■ **Your assignment**
Will you quote precisely the lines that run from the top of the material below to the line containing "(* The vector", both ends included?

■ **Supplied records**

(* Let $k\ge2$, $\sigma_i=\frac{i(k-i)}2$ for $i=0,\dots,k$, and consider the system for $(b_2,\dots,b_k)$: $$\dot b_i=(b_i+\sigma_{i-1})(b_{i-1}-2b_i+b_{i+1}),\qquad i=2,\dots,k,$$ with the convention $b_1\equiv b_{k+1}\equiv0$. For all $\eta\in(0,\frac15]$ and $A\ge0$, the compact set $K=\prod_{i=2}^k[-\sigma_{i-1}+\eta,A]$ is stable (forward invariant) under the flow of this system. In particular, any solution whose initial data lies in $K$ is global (for forward times). *)

From Stdlib Require Import Reals Lra Lia.
From Coquelicot Require Import Coquelicot.
Open Scope R_scope.

Definition sigma (k i : nat) : R := INR i * (INR k - INR i) / 2.

(* A state is b : nat -> R, only the indices 2..k are meaningful.
   Extension with the convention b_1 = b_{k+1} = 0 (and 0 outside 2..k). *)
Definition bext (k : nat) (b : nat -> R) (i : nat) : R :=
  if andb (Nat.leb 2 i) (Nat.leb i k) then b i else 0.

Definition rhs (k : nat) (b : nat -> R) (i : nat) : R :=
  (b i + sigma k (i - 1)) * (bext k b (i - 1) - 2 * b i + bext k b (i + 1)).

Definition inK (k : nat) (eta A : R) (b : nat -> R) : Prop :=
  forall i : nat, (2 <= i <= k)%nat -> - sigma k (i - 1) + eta <= b i <= A.

Definition is_solution (k : nat) (T : Rbar) (b : R -> nat -> R) : Prop :=
  (forall i : nat, (2 <= i <= k)%nat ->
     filterlim (fun s => b s i) (at_right 0) (locally (b 0 i))) /\
  (forall t : R, 0 < t -> Rbar_lt t T ->
     forall i : nat, (2 <= i <= k)%nat ->
       is_derive (fun s => b s i) t (rhs k (b t) i)).

(* The vector field points weakly into K on every face.  On an upper face [b_i = A] the factor
   [b_i + sigma_(i-1)] is nonnegative and the discrete Laplacian is nonpositive, since no
   neighbour exceeds [A].  On a lower face the factor equals [eta > 0], and since [sigma] has
   second difference [-1] the Laplacian is at least [1 - 2 eta >= 0]; this only needs
   [eta <= 1/2].  A barrier argument turns weak inwardness into invariance: boxes enlarged by a
   margin growing linearly in time can only be left through a face that the trajectory crosses
   outwards with positive speed, which is impossible.
   For global existence, clamp the state into K: the clamped field is bounded and globally
   Lipschitz, so Picard iteration gives a global solution.  That solution stays in K by the
   invariance argument, and on K the clamped field is the original one. *)

From Pilot Require Import Defs.
From Stdlib Require Import Reals Lra Lia Classical.
From Coquelicot Require Import Coquelicot.
(* [Reals] exports its own [sigma]; restore the one of [Defs]. *)
Import Defs.
Open Scope R_scope.

Lemma le_of_forall_lt_add (a b c : R) :
  0 < c -> (forall e, 0 < e < c -> a < b + e) -> a <= b.
Proof.
  intros Hc H. apply Rnot_lt_le; intros Hba.
  assert (Hm : 0 < Rmin (a - b) c) by (apply Rmin_glb_lt; lra).
  pose proof (Rmin_l (a - b) c). pose proof (Rmin_r (a - b) c).
  specialize (H (Rmin (a - b) c / 2)). lra.
Qed.

Lemma real_induction (P : R -> Prop) (a b : R) :
  a <= b ->
  (forall s, a <= s <= b -> (forall r, a <= r < s -> P r) -> P s) ->
  (forall s, a <= s < b -> (forall r, a <= r <= s -> P r) ->
     exists del, 0 < del /\ forall r, s < r < s + del -> P r) ->
  forall s, a <= s <= b -> P s.
Proof.
  intros Hab Hclosed Hopen.
  set (E := fun s => a <= s <= b /\ forall r, a <= r <= s -> P r).
  assert (Ea : E a).
  { split; [lra|]. intros r Hr. replace r with a by lra.
    apply Hclosed; [lra|]. intros; lra. }
  destruct (completeness E) as [tau [Hub Hlub]].
  { exists b. intros s Hs. apply Hs. }
  { exists a. exact Ea. }
  assert (Hatau : a <= tau) by (apply Hub, Ea).
  assert (Htaub : tau <= b) by (apply Hlub; intros s Hs; apply Hs).
  assert (Hbelow : forall r, a <= r < tau -> P r).
  { intros r Hr. apply NNPP; intros HnP.
    enough (tau <= r) by lra.
    apply Hlub. intros s [_ Hs]. apply Rnot_lt_le; intros Hrs. apply HnP, Hs; lra. }
  assert (Etau : E tau).
  { split; [lra|]. intros r Hr. destruct (Rle_lt_or_eq_dec r tau (proj2 Hr)) as [Hlt| ->].
    - apply Hbelow; lra.
    - apply Hclosed; [lra|exact Hbelow]. }
  assert (Htau : tau = b).
  { destruct (Rle_lt_or_eq_dec tau b Htaub) as [Hlt|]; [exfalso|assumption].
    destruct (Hopen tau ltac:(lra) (proj2 Etau)) as [del [Hdel Hafter]].
    assert (Hr' : tau < Rmin (tau + del / 2) b) by (apply Rmin_glb_lt; lra).
    pose proof (Rmin_l (tau + del / 2) b). pose proof (Rmin_r (tau + del / 2) b).
    set (r' := Rmin (tau + del / 2) b) in *.
    enough (HE : E r') by (specialize (Hub r' HE); lra).
    split; [lra|]. intros r Hr. destruct (Rle_lt_dec r tau).
    - apply Etau; lra.
    - apply Hafter; lra. }
  subst tau. apply Etau.
Qed.

Lemma filter_forall_bounded {T : Type} (F : (T -> Prop) -> Prop) {FF : Filter F}
  (J : nat -> Prop) (N : nat) (P : nat -> T -> Prop) :
  (forall j, J j -> (j <= N)%nat) -> (forall j, J j -> F (P j)) ->
  F (fun x => forall j, J j -> P j x).
Proof.
  intros HN HP.
  assert (Hlt : forall n, F (fun x => forall j, (j < n)%nat -> J j -> P j x)).
  { induction n as [|n IH].
    - apply filter_forall. intros x j Hj; lia.
    - apply (filter_imp (fun x => (forall j, (j < n)%nat -> J j -> P j x) /\ (J n -> P n x))).
      + intros x [Hx Hn] j Hj HIj. destruct (Nat.eq_dec j n) as [-> |]; auto.
        apply Hx; auto; lia.
      + apply filter_and; [exact IH|].
        destruct (classic (J n)) as [HIn|HIn].
        * apply (filter_imp (P n)); auto.
        * apply filter_forall. tauto. }
  apply (filter_imp _ _) with (2 := Hlt (S N)).
  intros x Hx j Hj. apply Hx; [specialize (HN j Hj); lia|exact Hj].
Qed.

■ **Output below**
(* Let $k\ge2$, $\sigma_i=\frac{i(k-i)}2$ for $i=0,\dots,k$, and consider the system for $(b_2,\dots,b_k)$: $$\dot b_i=(b_i+\sigma_{i-1})(b_{i-1}-2b_i+b_{i+1}),\qquad i=2,\dots,k,$$ with the convention $b_1\equiv b_{k+1}\equiv0$. For all $\eta\in(0,\frac15]$ and $A\ge0$, the compact set $K=\prod_{i=2}^k[-\sigma_{i-1}+\eta,A]$ is stable (forward invariant) under the flow of this system. In particular, any solution whose initial data lies in $K$ is global (for forward times). *)

From Stdlib Require Import Reals Lra Lia.
From Coquelicot Require Import Coquelicot.
Open Scope R_scope.

Definition sigma (k i : nat) : R := INR i * (INR k - INR i) / 2.

(* A state is b : nat -> R, only the indices 2..k are meaningful.
   Extension with the convention b_1 = b_{k+1} = 0 (and 0 outside 2..k). *)
Definition bext (k : nat) (b : nat -> R) (i : nat) : R :=
  if andb (Nat.leb 2 i) (Nat.leb i k) then b i else 0.

Definition rhs (k : nat) (b : nat -> R) (i : nat) : R :=
  (b i + sigma k (i - 1)) * (bext k b (i - 1) - 2 * b i + bext k b (i + 1)).

Definition inK (k : nat) (eta A : R) (b : nat -> R) : Prop :=
  forall i : nat, (2 <= i <= k)%nat -> - sigma k (i - 1) + eta <= b i <= A.

Definition is_solution (k : nat) (T : Rbar) (b : R -> nat -> R) : Prop :=
  (forall i : nat, (2 <= i <= k)%nat ->
     filterlim (fun s => b s i) (at_right 0) (locally (b 0 i))) /\
  (forall t : R, 0 < t -> Rbar_lt t T ->
     forall i : nat, (2 <= i <= k)%nat ->
       is_derive (fun s => b s i) t (rhs k (b t) i)).

(* The vector field points weakly into K on every face.  On an upper face [b_i = A] the factor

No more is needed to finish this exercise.